Gerrit Braamcamp (18 November 1699, in Amsterdam – 17 June 1771, in Amsterdam) was a successful Roman Catholic distiller, timber merchant, and art collector from the Netherlands. One of the most important merchants in Amsterdam, he built a timber yard and shipyard at one end of Hoogte Kadijk, opposite the Dutch East India Company's own shipyard.
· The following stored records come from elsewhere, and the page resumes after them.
Lemma mm_middle_swap (X Y : C) :
  middle_swap (F X) (F Y) >> ((m X Y ⊗m m X Y) >> m (X × Y) (X × Y))
  = (m X X ⊗m m Y Y) >> (m _ _ >> fmap F (cmiddle_swap X Y)).
Proof.
  unfold middle_swap. reassoc. rewrite (tens_split_rl (m X Y) (m X Y)). reassoc.
  arw_rev (assoc_inv_natural_r (F X) (F Y) (m X Y)).
  arw_rev (mm_assoc_inv_eq X Y (X × Y)).
  arw_rev (tens_comp (idm (F X)) (idm (F X)) (al (F Y) (F X) (F Y)) (idm (F Y) ⊗m m X Y)).
  rewrite id_comp.
  arw_rev (tens_comp (idm (F X)) (idm (F X)) (al (F Y) (F X) (F Y) >> (idm (F Y) ⊗m m X Y))
                     (m Y (X × Y))).
  rewrite id_comp. reassoc. rewrite <- (mm_assoc_eq Y X Y).
  arw_rev (tens_comp (idm (F X)) (idm (F X)) (sg (F X) (F Y) ⊗m idm (F Y))
             (m Y X ⊗m idm (F Y) >> (m (Y × X) Y >> fmap F (cassoc P Y X Y)))).
  rewrite id_comp.
  arw_rev (tens_comp (sg (F X) (F Y)) (m Y X) (idm (F Y)) (idm (F Y))). rewrite id_comp.
  rewrite <- mm_sym, tens_comp_id. reassoc. arw (mm_natural_l Y (cswap P X Y)).
  arw_rev (tens_comp (idm (F X)) (idm (F X)) (ali (F X) (F Y) (F Y)) _). rewrite id_comp.
  arw_rev (mm_assoc_inv_eq X Y Y).
  rewrite <- !(functor_comp F), !tens_id_comp. reassoc.
  arw (assoc_natural_r (F X) (F X) (m Y Y)).
  arw (mm_natural_r X (cassoc_inv X Y Y >> (prodm P (cswap P X Y) (idm Y)
                                                >> cassoc P Y X Y))).
  arw_rev (mm_assoc_eq X X (Y × Y)).
  arw_rev (tens_split_rl (m X X) (m Y Y)).
  rewrite <- !(functor_comp F). do 3 f_equal.
  unfold cassoc, cassoc_inv, cmiddle_swap, cswap, prodm. cart.
Qed.

Lemma mm_cX (X Y : C) :
  m X Y >> cX (X × Y)
  = (cX X ⊗m cX Y) >> (middle_swap (F X) (F Y) >> (m X Y ⊗m m X Y)).
Proof.
  rewrite <- (comp_id (m X Y ⊗m m X Y)), <- (mmK (X × Y) (X × Y)). reassoc.
  arw (mm_middle_swap X Y). unfold cX. rewrite tens_comp. reassoc.
  arw_rev (tens_comp (mi X X) (m X X) (mi Y Y) (m Y Y)).
  rewrite !mm_invK, tens_id, id_comp.
  arw (mm_nat (diag P X) (diag P Y)). arw_rev (functor_comp F _ _).
  do 3 f_equal. unfold cmiddle_swap, diag, prodm. cart.
Qed.

Definition id_x_eta (X : C) (A : L) : hom (X × U A) (X × U (bangL A)) :=
  prodm P (idm X) (eta G (U A)).

Lemma mm_id_x_eta (X : C) (A : L) :
  m X (U A) >> fmap F (id_x_eta X A) = (idm _ ⊗m pcomul A) >> m X (U (bangL A)).
Proof. unfold id_x_eta, pcomul. symmetry. apply mm_natural_r. Qed.

End LNLTheory.

(** * The category LS(C) *)

Section LSCategory.
Variable G : LNL.
Local Notation C := (CC G).
Local Notation L := (LL G).
Local Notation "a ⊗ b" := (tens (Lsmc G) a b) (at level 35, right associativity).
Local Notation "f ⊗m g" := (tensm (Lsmc G) f g) (at level 35).
Local Notation al := (assoc (Lsmc G)).
Local Notation ali := (assoc_inv (Lsmc G)).
Local Notation lu' := (lu (Lsmc G)).
Local Notation sg := (sym (Lsmc G)).
Local Notation F := (FF G).
Local Notation U := (UU G).
Local Notation "x × y" := (cprod (Ccart G) x y) (at level 34).

Lemma LScomp_fst (X Y W : C) (A B D : L) (p : LSHom X A Y B) (q : LSHom Y B W D) :
  fst (LScomp p q) = fst p >> fst q.
Proof. reflexivity. Qed.

Lemma LScomp_snd (X Y W : C) (A B D : L) (p : LSHom X A Y B) (q : LSHom Y B W D) :
  snd (LScomp p q) = (cX X ⊗m idm A) >> (al _ _ A >> ((fmap F (fst p) ⊗m snd p) >> snd q)).
Proof. unfold LScomp. simpl. reassoc. reflexivity. Qed.

Lemma LScomp_snd_congr (X Y W W' : C) (A B D : L) (p : LSHom X A Y B)
    (q : LSHom Y B W D) (q' : LSHom Y B W' D) :
  snd q = snd q' -> snd (LScomp p q) = snd (LScomp p q').
Proof. intro E. rewrite !LScomp_snd, E. reflexivity. Qed.

Lemma LScompA (X Y Z W : C) (A B D E : L) (p : LSHom X A Y B) (q : LSHom Y B Z D)
    (r : LSHom Z D W E) :
  LScomp (LScomp p q) r = LScomp p (LScomp q r).
Proof.
  destruct p as [fp up], q as [fq uq], r as [fr ur]. unfold LScomp; simpl.
  f_equal; [apply compA|]. reassoc.
  rewrite (tens_split_rl (fmap F fp) up). reassoc.
  arw_rev (tens_comp (fmap F fp) (cX Y) (idm B) (idm B)).
  rewrite cX_natural, id_comp, tens_comp_id. reassoc.
  arw_rev (tens_interchange (cX X) up).
  arw_rev (tens_comp (idm (F X ⊗ F X)) (fmap F fp ⊗m fmap F fp) up (idm B)).
  rewrite id_comp, comp_id.
  arw (assoc_natural (fmap F fp) (fmap F fp) up).
  arw_rev (tens_comp (fmap F fp) (fmap F fq) (fmap F fp ⊗m up) uq).
  arw (cX_coassoc_tens X A). rewrite (functor_comp F).
  rewrite (tens_comp_r_late (fmap F fp >> fmap F fq) (cX X ⊗m idm A)).
  rewrite (tens_comp_r_late (fmap F fp >> fmap F fq) (al (F X) (F X) A)).
  rewrite (tens_split_rl (fmap F fp) up). reassoc. reflexivity.
Qed.

Lemma LScomp_counit (X Y : C) (A B : L) (fp : hom X Y) (up : hom (F X ⊗ A) B) :
  (cX X ⊗m idm A) >> (al _ _ A >> ((fmap F fp ⊗m up) >> ((wX Y ⊗m idm B) >> lu' B))) = up.
Proof.
  arw_rev (tens_comp (fmap F fp) (wX Y) up (idm B)).
  rewrite wX_natural, comp_id, (tens_split_lr (wX X) up). reassoc.
  arw (lu_natural up). arw (cX_counit_l_tens X A). apply id_comp.
Qed.

Lemma LSid_comp (X Y : C) (A B : L) (q : LSHom X A Y B) : LScomp (LSid X A) q = q.
Proof.
  destruct q as [fq uq]. unfold LScomp, LSid; simpl. f_equal; [apply id_comp|].
  rewrite (functor_id F). reassoc. arw (cX_counit_r_tens X A). apply id_comp.
Qed.

Lemma LScomp_id (X Y : C) (A B : L) (p : LSHom X A Y B) : LScomp p (LSid Y B) = p.
Proof.
  destruct p as [fp up]. unfold LScomp, LSid; simpl. f_equal; [apply comp_id|].
  reassoc. apply LScomp_counit.
Qed.

Lemma lift_snd_comp (X : C) (A B : L) (g : hom A B) :
  (wX X ⊗m g) >> lu' B = ((wX X ⊗m idm A) >> lu' A) >> g.
Proof. rewrite tens_split_lr. reassoc. rewrite lu_natural. reflexivity. Qed.

Lemma LScomp_lift_r (X Y : C) (A B D : L) (p : LSHom X A Y B) (g : hom B D) :
  LScomp p (lift Y g) = (fst p >> idm Y, snd p >> g).
Proof.
  destruct p as [fp up]. unfold LScomp, lift; simpl. f_equal.
  rewrite lift_snd_comp. reassoc. arw (LScomp_counit fp up). reflexivity.
Qed.

Lemma LScomp_lift_l (X Y : C) (A A' B : L) (g : hom A A') (q : LSHom X A' Y B) :
  LScomp (lift X g) q = (idm X >> fst q, (idm (F X) ⊗m g) >> snd q).
Proof.
  destruct q as [fq uq]. unfold LScomp, lift; simpl. f_equal.
  rewrite (functor_id F), (tens_split_rl (wX X) g), !tens_id_comp. reassoc.
  arw (assoc_natural_r (F X) (F X) g). arw (tens_interchange (cX X) g).
  arw_rev (tens_id_comp (F X) (wX X ⊗m idm A') (lu' A')).
  arw (cX_counit_r_tens X A'). rewrite id_comp. reflexivity.
Qed.

Lemma lift_comp (X : C) (A B D : L) (f : hom A B) (g : hom B D) :
  LScomp (lift X f) (lift X g) = lift X (f >> g).
Proof.
  rewrite LScomp_lift_l. unfold lift; simpl. f_equal; [apply id_comp|].
  arw_rev (tens_comp (idm (F X)) (wX X) f g). rewrite id_comp. reflexivity.
Qed.

Lemma Sigma_mu (X : C) (A B D : L) (d : hom (F (X × U A) ⊗ B) D) :
  LScomp (Sigma d) (mu X A D)
  = (idm X >> idm X, ali (F X) (bangL A) B >> ((mm G X (U A) ⊗m idm B) >> d)).
Proof.
  unfold mu. rewrite LScomp_lift_r. unfold Sigma. cbn [fst snd]. f_equal. reassoc.
  arw_rev (tens_interchange (wA A) ((mm G X (U A) ⊗m idm B) >> d)). arw (lu_natural _).
  arw_rev (tens_interchange (wA A) (ali (F X) (bangL A) B)). arw (lu_natural _).
  arw (assoc_natural_l (F X) (bangL A ⊗ B) (wA A)). arw (assoc_lu (F X) (bangL A ⊗ B)).
  arw_rev (tens_comp (sg (F X) (bangL A)) (wA A ⊗m idm (F X)) (idm (bangL A ⊗ B)) (idm _)).
  arw_rev (tens_comp (sg (F X) (bangL A) >> (wA A ⊗m idm (F X))) (lu' (F X))
             (idm (bangL A ⊗ B) >> idm _) (idm _)).
  rewrite !id_comp. reassoc.
  arw_rev (sym_natural (idm (F X)) (wA A)). rewrite sym_lu, tens_comp_l_late. reassoc.
  arw_rev (assoc_inv_natural_m (F X) (bangL A ⊗ B) (wA A)).
  arw (assoc_inv_triangle (F X) (bangL A ⊗ B)).
  arw_rev (tens_id_comp (F X) (wA A ⊗m idm (bangL A ⊗ B)) (lu' (bangL A ⊗ B))).
  arw_rev (tens_id_comp (F X) (al (bangL A) (bangL A) B)
             ((wA A ⊗m idm (bangL A ⊗ B)) >> lu' (bangL A ⊗ B))).
  arw_rev (tens_id_comp (F X) (cA A ⊗m idm B) (al (bangL A) (bangL A) B
             >> ((wA A ⊗m idm (bangL A ⊗ B)) >> lu' (bangL A ⊗ B)))).
  unfold cA, wA, bangL. rewrite cX_counit_l_tens, tens_id, id_comp. reflexivity.
Qed.

Lemma fibtens_lift_l (X : C) (A A' B B' : L) (f : hom A A') (q : LSHom X B X B') :
  fibtens (lift X f) q
  = (idm X, ali (F X) A B >> ((sg (F X) A ⊗m idm B) >> (al A (F X) B >> (f ⊗m snd q)))).
Proof.
  unfold fibtens, lift. cbn [snd]. f_equal. reassoc.
  rewrite tens_comp_l_late, (tens_split_lr (lu' A') (snd q)). reassoc.
  arw_rev (assoc_inv_natural (wX X) f (idm (F X ⊗ B))). arw (assoc_inv_lu A' (F X ⊗ B)).
  rewrite (tens_split_lr (wX X) (f ⊗m idm (F X ⊗ B))). reassoc.
  arw (lu_natural (f ⊗m idm (F X ⊗ B))).
  arw_rev (tens_interchange (wX X) (al A (F X) B)).
  arw_rev (tens_interchange (wX X) (sg (F X) A ⊗m idm B)).
  arw_rev (tens_interchange (wX X) (ali (F X) A B)).
  arw (lu_natural (al A (F X) B)).
  arw (lu_natural (sg (F X) A ⊗m idm B)).
  arw (lu_natural (ali (F X) A B)).
  arw (cX_counit_l_tens X (A ⊗ B)). rewrite id_comp.
  arw_rev (tens_comp f (idm A') (idm (F X ⊗ B)) (snd q)). rewrite id_comp, comp_id.
  reflexivity.
Qed.

Lemma fibtens_lift_id (X : C) (A A' B : L) (f : hom A A') :
  fibtens (lift X f) (LSid X B) = lift X (f ⊗m idm B).
Proof.
  rewrite fibtens_lift_l. unfold lift, LSid. cbn [snd]. f_equal.
  rewrite (tens_split_rl f), tens_id_comp. reassoc.
  arw (assoc_natural_m A B (wX X)). arw (triangle_eq A B).
  arw_rev (tens_comp (sg (F X) A) (idm A ⊗m wX X) (idm B) (idm B)).
  arw_rev (tens_comp (sg (F X) A >> (idm A ⊗m wX X)) (ru (Lsmc G) A) (idm B >> idm B) (idm B)).
  rewrite !id_comp. reassoc. arw_rev (sym_natural (wX X) (idm A)).
  rewrite sym_ru, tens_comp_l_late. reassoc.
  arw_rev (assoc_inv_natural (wX X) (idm A) (idm B)). arw (assoc_inv_lu A B).
  rewrite tens_id, lift_snd_comp. reassoc. reflexivity.
Qed.

Lemma castLS_snd (X Y : C) (A A' B B' : L) (e1 : A = A') (e2 : B = B') (h : LSHom X A Y B) :
  snd (castLS e1 e2 h) = (idm (F X) ⊗m eq_hom (eq_sym e1)) >> (snd h >> eq_hom e2).
Proof. destruct e1, e2. simpl. rewrite tens_id, id_comp, comp_id. reflexivity. Qed.

Lemma castLS_comp_l (X Y Z : C) (A A' B D : L) (e1 : A = A') (p : LSHom X A Y B)
    (q : LSHom Y B Z D) :
  LScomp (castLS e1 eq_refl p) q = castLS e1 eq_refl (LScomp p q).
Proof. destruct e1. reflexivity. Qed.

Lemma brace_lift (X : C) (A B : L) (g : hom A B) :
  brace (idm X) ((wX X ⊗m g) >> lu' B) = prodm (Ccart G) (idm X) (fmap U g).
Proof.
  unfold brace. unfold prodm at 2. f_equal.
  rewrite (functor_comp U). reassoc. arw_rev (nn_nat (wX X) g).
  unfold wX. rewrite !(functor_comp U). reassoc. arw (prodm_comp _ _ _ _).
  rewrite <- (compA (eta G X)), <- (eta_nat (bang (Ccart G) X)), id_comp, (eta_mon1 G).
  reassoc. rewrite <- (functor_comp U), (m1_iso1 G), (functor_id U), comp_id.
  replace (prodm (Ccart G) (bang (Ccart G) X >> n1 G) (fmap U g))
    with (prodm (Ccart G) (bang (Ccart G) X) (fmap U g) >> prodm (Ccart G) (n1 G) (idm (U B)))
    by cart.
  reassoc. pose proof (nn_lunit B) as H. reassoc_in H. rewrite H. cart.
Qed.

End LSCategory.

(** * The tangent functor T *)

Section Tangent.
Variables (G : LNL) (T : GData G) (HT : IsGDSC T).
Local Notation C := (CC G).
Local Notation L := (LL G).
Local Notation "a ⊗ b" := (tens (Lsmc G) a b) (at level 35, right associativity).
Local Notation "f ⊗m g" := (tensm (Lsmc G) f g) (at level 35).
Local Notation al := (assoc (Lsmc G)).
Local Notation F := (FF G).
Local Notation P := (Ccart G).
Local Notation "x × y" := (cprod (Ccart G) x y) (at level 34).
Local Notation p1 := (cpr1 P).
Local Notation p2 := (cpr2 P).
Local Notation Q := (Lprod T).
Local Notation q1 := (cpr1 Q).
Local Notation q2 := (cpr2 Q).
Local Notation Z := (zero (Ladd T)).

Lemma LScomp_LSpair (V W X Y : C) (E D A B : L) (p : LSHom V E W D)
    (q : LSHom W D X A) (r : LSHom W D Y B) :
  LScomp p (LSpair T q r) = LSpair T (LScomp p q) (LScomp p r).
Proof.
  destruct p as [fp up], q as [fq uq], r as [fr ur]. unfold LScomp, LSpair; simpl.
  f_equal; [apply comp_cpair|]. reassoc. rewrite !comp_cpair. reflexivity.
Qed.

Lemma phi_inv_fst (X Y : C) : fst (phi_inv T X Y) = idm _.
Proof.
  pose proof (phi_iso1 HT X Y) as H. apply (f_equal fst) in H. simpl in H.
  rewrite cpair_pr, id_comp in H. exact H.
Qed.

Lemma i2_fst (X Y : C) : fst (i2 T X Y) = idm _.
Proof. unfold i2. rewrite LScomp_fst, phi_inv_fst. apply id_comp. Qed.

Lemma phi_inv_T_pr1 (X Y : C) :
  snd (LScomp (phi_inv T X Y) (Tmor T (p1 X Y))) = snd (lift (X × Y) (q1 (lam T X) (lam T Y))).
Proof.
  transitivity (snd (LScomp (phi_inv T X Y)
                   (LScomp (phi T X Y) (lift (X × Y) (q1 (lam T X) (lam T Y)))))).
  { apply LScomp_snd_congr. rewrite LScomp_lift_r. simpl. rewrite pair_pr1. reflexivity. }
  rewrite <- LScompA, (phi_iso2 HT X Y), LSid_comp. reflexivity.
Qed.

Lemma phi_inv_T_pr2 (X Y : C) :
  snd (LScomp (phi_inv T X Y) (Tmor T (p2 X Y))) = snd (lift (X × Y) (q2 (lam T X) (lam T Y))).
Proof.
  transitivity (snd (LScomp (phi_inv T X Y)
                   (LScomp (phi T X Y) (lift (X × Y) (q2 (lam T X) (lam T Y)))))).
  { apply LScomp_snd_congr. rewrite LScomp_lift_r. simpl. rewrite pair_pr2. reflexivity. }
  rewrite <- LScompA, (phi_iso2 HT X Y), LSid_comp. reflexivity.
Qed.

Lemma i2_T_pr1 (X Y : C) : snd (LScomp (i2 T X Y) (Tmor T (p1 X Y))) = Z _ _.
Proof.
  unfold i2. rewrite LScompA, LScomp_lift_l. cbn [snd].
  rewrite phi_inv_T_pr1. unfold lift. cbn [snd].
  arw_rev (tens_comp (idm (F (X × Y))) (wX (X × Y)) (inj2 T (lam T X) (lam T Y)) (q1 _ _)).
  unfold inj2. rewrite id_comp, pair_pr1, tens_zero_r, zero_comp. reflexivity.
Qed.

Lemma i2_T_pr2 (X Y : C) :
  snd (LScomp (i2 T X Y) (Tmor T (p2 X Y))) = snd (LSid (X × Y) (lam T Y)).
Proof.
  unfold i2. rewrite LScompA, LScomp_lift_l. cbn [snd].
  rewrite phi_inv_T_pr2. unfold lift. cbn [snd].
  arw_rev (tens_comp (idm (F (X × Y))) (wX (X × Y)) (inj2 T (lam T X) (lam T Y)) (q2 _ _)).
  unfold inj2. rewrite id_comp, pair_pr2. reflexivity.
Qed.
Over thirty years he created a major collection of Dutch and Flemish art, totally around 380 works, though only a few of these are now in Dutch museums. He owned no fewer than ten works by Metsu. He was friends with the poet Jan Baptista Wellekens and the painters Jacob de Wit, Cornelis Troost, Jan ten Compe, Jacob Xavery and Georges-François Blondel (son of Jacques-François Blondel).

==Life==
Braamcamp 's family originated in Rijssen. In 1699 his father Jan (1671-1713) married the widow Hendriena van Beeck (-1721) in a 'schuilkerk' in Amsterdam - she lived on the N.Z. Achterburgwal, now called the Spuistraat, where Gerrit also grew up. When his mother died, Gerrit took on responsibility for his two brothers' education. At the time of his marriage to an ironmonger's daughter in 1727 he lived on the Herengracht The couple had two children who died in infancy.

==Works==
- Musaeum Braamcampianum, ofte Korte beschryvinge van het uitmuntend cabinet schilderyen, teekeningen, prenten, beelden, enz., nagelaten by wyl. den heere Gerret Braamcamp : hetwelk verkogt is in Amsterdam op den 31 July 1771. en volgende dagen in ’t logement Het Wapen van Amsterdam : benevens de pryzen en naamen der respect. koopers, ..
- Catalogus van het overheerlyke wydvermaarde en alombekende kabinet van ... Japansche porcelynen, ... neevens de gantsche collecte van ... Japansch verlakt werk, ... mitsgaders een groote party ... zilverwerk .... Alles ... by een versameld ... by wylen den heere Gerret Braamcamp. : Alle het welke verkogt zal werden op dingsdag den 6 augustus 1771. en volgende dagen ...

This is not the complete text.